→ EXERCISE DESCRIPTION
Which of the lines in the records below hold the string "negbTE"? Copy every one of them.

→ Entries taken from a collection

(* Let $n\in\mathbb{N}$, $\varkappa\in\mathbb{N}^n$, $N=|\varkappa|$, $m\in\mathbb{N}_0$, and let $y_1,\ldots,y_n$ be indeterminates (or pairwise distinct elements of a field). Then \[ \hom_m\bigl(y^{[\varkappa]}\bigr)=\frac{\det G_{(m)}(y,\varkappa)}{\det G_\emptyset(y,\varkappa)}, \] where $(m)$ is the one-part partition (and $(0)=\emptyset$).
   Context: $\mathbb{N}=\{1,2,\ldots\}$, $\mathbb{N}_0=\{0,1,2,\ldots\}$. $\hom_m(x_1,\ldots,x_N)=\sum_{k\in\mathbb{N}_0^N,\,|k|=m}x_1^{k_1}\cdots x_N^{k_N}$ is the complete homogeneous symmetric polynomial. For $\varkappa\in\mathbb{N}^n$, $y^{[\varkappa]}$ denotes the list of length $|\varkappa|$ in which $y_1$ is repeated $\varkappa_1$ times, then $y_2$ repeated $\varkappa_2$ times, etc. Partitions are extended by zeros to length $N$. Each $p\in\{1,\ldots,N\}$ is written uniquely as $p=\varkappa_1+\cdots+\varkappa_{q-1}+r$ with $1\le q\le n$, $1\le r\le\varkappa_q$. For a partition $\lambda$ of length $\le N$, $G_\lambda(y,\varkappa)$ is the $N\times N$ matrix with entries $G_\lambda(y,\varkappa)_{j,p}=\binom{N+\lambda_j-j}{r-1}y_q^{N+\lambda_j-j-r+1}$ if $N+\lambda_j-j-r+1\ge0$ and $0$ otherwise. *)

From HB Require Import structures.
From mathcomp Require Import all_boot all_order all_algebra.
Set Implicit Arguments. Unset Strict Implicit. Unset Printing Implicit Defensive.
Import Order.TTheory GRing.Theory Num.Theory.
Local Open Scope ring_scope.

Section Defs.
Variable F : fieldType.

(* complete homogeneous symmetric polynomial h_m evaluated at the list s:
   sum over k in N_0^{size s} with |k| = m of prod_i s_i^{k_i}
   (each k_i <= m, so k ranges over functions into 'I_m.+1). *)
Definition hcomplete (m : nat) (s : seq F) : F :=
  \sum_(k : {ffun 'I_(size s) -> 'I_m.+1} | (\sum_(i < size s) (k i : nat) == m)%N)
     \prod_(i < size s) s`_i ^+ (k i : nat).

Variables (n : nat) (kappa : 'I_n -> nat) (y : 'I_n -> F).

Definition Nk : nat := (\sum_(i < n) kappa i)%N.

Definition yrep : seq F := flatten [seq nseq (kappa i) (y i) | i <- enum 'I_n].

(* for the 0-indexed column p (i.e. column p+1), the pair (y_q, r) where
   p+1 = kappa_1 + ... + kappa_{q-1} + r with 1 <= r <= kappa_q *)
Definition colinfo : seq (F * nat) :=
  flatten [seq [seq (y i, r) | r <- iota 1 (kappa i)] | i <- enum 'I_n].

(* partitions are given as seq nat, extended by zeros; lam_j = nth 0 lam (j-1) *)
Definition Gmx (lam : seq nat) : 'M[F]_Nk :=
  \matrix_(j < Nk, p < Nk)
    let yq := (nth (0, 1%N) colinfo p).1 in
    let r := (nth (0, 1%N) colinfo p).2 in
    let e := (Nk + nth 0%N lam j - j.+1)%N in   (* N + lam_j - j, with j 1-indexed *)
    if (r.-1 <= e)%N then ('C(e, r.-1))%:R * yq ^+ (e - r.-1) else 0.

End Defs.

From HB Require Import structures.
From mathcomp Require Import all_boot all_order all_algebra.
From mathcomp Require Import ring zify.
Set Implicit Arguments. Unset Strict Implicit. Unset Printing Implicit Defensive.
Import GRing.Theory.
Local Open Scope ring_scope.

(* Let P = prod_q (X - y_q)^kappa_q and, for the column p <-> (q, r), let L_p f be the
   (r-1)-th Taylor coefficient of f at y_q, so that row j of G_lam is the vector
   (L_p X^(N + lam_j - j))_p.  The L_p vanish exactly on the multiples of P, and a
   nonzero polynomial of degree < N is not one, so the rows X^(N-1), ..., X^0 of
   G_empty are independent.  G_(m) differs from G_empty only in its first row,
   L(X^(N-1+m)) = L(X^(N-1+m) mod P); the remainder has coefficient h_m(y^[kappa])
   at X^(N-1), and its lower terms are combinations of the other rows of G_empty. *)

Lemma det_row_combination (R : comNzRingType) n (A B : 'M[R]_n) (i0 : 'I_n)
    (c : 'rV_n) :
  row i0 B = c *m A -> (forall i, i != i0 -> row i B = row i A) ->
  \det B = c 0 i0 * \det A.
Proof.
move=> rowB0 rowB.
pose E := \matrix_(i, k) if i == i0 then c 0 k else (i == k)%:R.
have -> : B = E *m A.
  apply/row_matrixP => i; rewrite row_mul mulmx_sum_row.
  have [-> | i_i0] := eqVneq i i0.
    by rewrite rowB0 mulmx_sum_row; apply: eq_bigr => k _; rewrite !mxE eqxx.
  rewrite rowB // (bigD1 i) //= big1 ?addr0 => [|k ki].
    by rewrite !mxE (negbTE i_i0) eqxx scale1r.
  by rewrite !mxE (negbTE i_i0) eq_sym (negbTE ki) scale0r.
rewrite det_mulmx (expand_det_col _ i0) (bigD1 i0) //= big1 ?addr0 => [|i /negbTE i_i0].
  rewrite mxE eqxx /cofactor -signr_odd addnn odd_double expr0 mul1r.
  have -> : row' i0 (col' i0 E) = 1%:M.
    apply/matrixP => a b; rewrite !mxE eq_sym (negbTE (neq_lift _ _)).
    by rewrite (inj_eq lift_inj).
  by rewrite det1 mulr1.
by rewrite mxE i_i0 mul0r.
Qed.

Lemma eq_coef_prod_le (R : nzRingType) (I : Type) (r : seq I) (A B : I -> {poly R}) k :
  (forall i j, (j <= k)%N -> (A i)`_j = (B i)`_j) ->
  forall j, (j <= k)%N -> (\prod_(i <- r) A i)`_j = (\prod_(i <- r) B i)`_j.
Proof.
move=> eqAB; elim: r => [|x r IHr] j le_jk; first by rewrite !big_nil.
rewrite !big_cons !coefM; apply: eq_bigr => i _.
rewrite eqAB ?IHr //; last by rewrite (leq_trans _ le_jk) // -ltnS.
exact: leq_trans (leq_subr _ _) le_jk.
Qed.

Section CompleteHomogeneous.
Variable F : fieldType.
Implicit Types (a : F) (s : seq F).

Definition trunc_geom m a : {poly F} := \poly_(j < m.+1) a ^+ j.

Lemma hcompleteE m s : hcomplete m s = (\prod_(i < size s) trunc_geom m s`_i)`_m.
Proof.
have -> : \prod_(i < size s) trunc_geom m s`_i =
          \prod_(i < size s) \sum_(j : 'I_m.+1) (s`_i ^+ j)%:P * 'X^j.
  apply: eq_bigr => i _; rewrite /trunc_geom poly_def.
  by under [RHS]eq_bigr do rewrite mul_polyC.
rewrite /hcomplete bigA_distr_bigA coef_sum big_mkcond /=; apply: eq_bigr => k _.
rewrite big_split /= -rmorph_prod prodrXr coefCM coefXn eq_sym.
by case: eqP; rewrite ?mulr1 ?mulr0.
Qed.

Lemma hcomplete_nil m : hcomplete m ([::] : seq F) = (m == 0)%:R.
Proof. by rewrite hcompleteE big_ord0 coef1. Qed.

Lemma hcomplete_cons m a s :
  hcomplete m (a :: s) = \sum_(i < m.+1) a ^+ i * hcomplete (m - i) s.
Proof.
rewrite hcompleteE /= big_ord_recl coefM; apply: eq_bigr => i _.
rewrite coef_poly ltn_ord hcompleteE; congr (_ * _).
apply: (@eq_coef_prod_le _ _ _ _ _ (m - i)) => // j k le_km.
by rewrite !coef_poly !ltnS le_km (leq_trans le_km (leq_subr i m)).
Qed.

Lemma hcomplete0 s : hcomplete 0 s = 1.
Proof.
elim: s => [|a s IHs]; first by rewrite hcomplete_nil.
by rewrite hcomplete_cons big_ord1 expr0 mul1r.
Qed.

Lemma hcompleteS_cons m a s :
  hcomplete m.+1 (a :: s) = a * hcomplete m (a :: s) + hcomplete m.+1 s.
Proof.
rewrite !hcomplete_cons big_ord_recl expr0 mul1r subn0 addrC mulr_sumr.
by congr (_ + _); apply: eq_bigr => i _; rewrite exprS mulrA.
Qed.

End CompleteHomogeneous.

Section RemainderOfPowers.
Variable F : fieldType.
Implicit Types (a : F) (s t : seq F).

Definition prod_XsubC s : {poly F} := \prod_(x <- s) ('X - x%:P).

Lemma prod_XsubC_monic s : prod_XsubC s \is monic.
Proof. exact: monic_prod_XsubC. Qed.

Lemma size_prod_XsubC_seq s : size (prod_XsubC s) = (size s).+1.
Proof. exact: size_prod_XsubC. Qed.

Lemma coef_modp_XsubC_mul a t g :
  ((('X - a%:P) * g) %% prod_XsubC (a :: t))`_(size t) = (g %% prod_XsubC t)`_(size t).-1.
Proof.
set P := prod_XsubC t; set r := g %% P.
have le_r_t : (size r <= size t)%N.
  by rewrite -ltnS -size_prod_XsubC_seq ltn_modp monic_neq0 ?prod_XsubC_monic.
have -> : ('X - a%:P) * g %% prod_XsubC (a :: t) = ('X - a%:P) * r.
  rewrite {1}(divp_eq g P) -/r mulrDr mulrCA /prod_XsubC big_cons -/(prod_XsubC t) -/P.
  rewrite modp_addl_mul_small // (leq_ltn_trans (size_mul_leq _ _)) // size_XsubC.
  by rewrite size_Mmonic ?polyXsubC_eq0 ?prod_XsubC_monic // size_XsubC size_prod_XsubC_seq.
rewrite mulrBl coefB coefXM coefCM (nth_default 0 le_r_t) mulr0 subr0.
by case: (size t) le_r_t => // /size_poly_leq0P ->; rewrite coef0.
Qed.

→ REPLY TO THE EXERCISE
    by rewrite !mxE (negbTE i_i0) eqxx scale1r.
  by rewrite !mxE (negbTE i_i0) eq_sym (negbTE ki) scale0r.
rewrite det_mulmx (expand_det_col _ i0) (bigD1 i0) //= big1 ?addr0 => [|i /negbTE i_i0].
    apply/matrixP => a b; rewrite !mxE eq_sym (negbTE (neq_lift _ _)).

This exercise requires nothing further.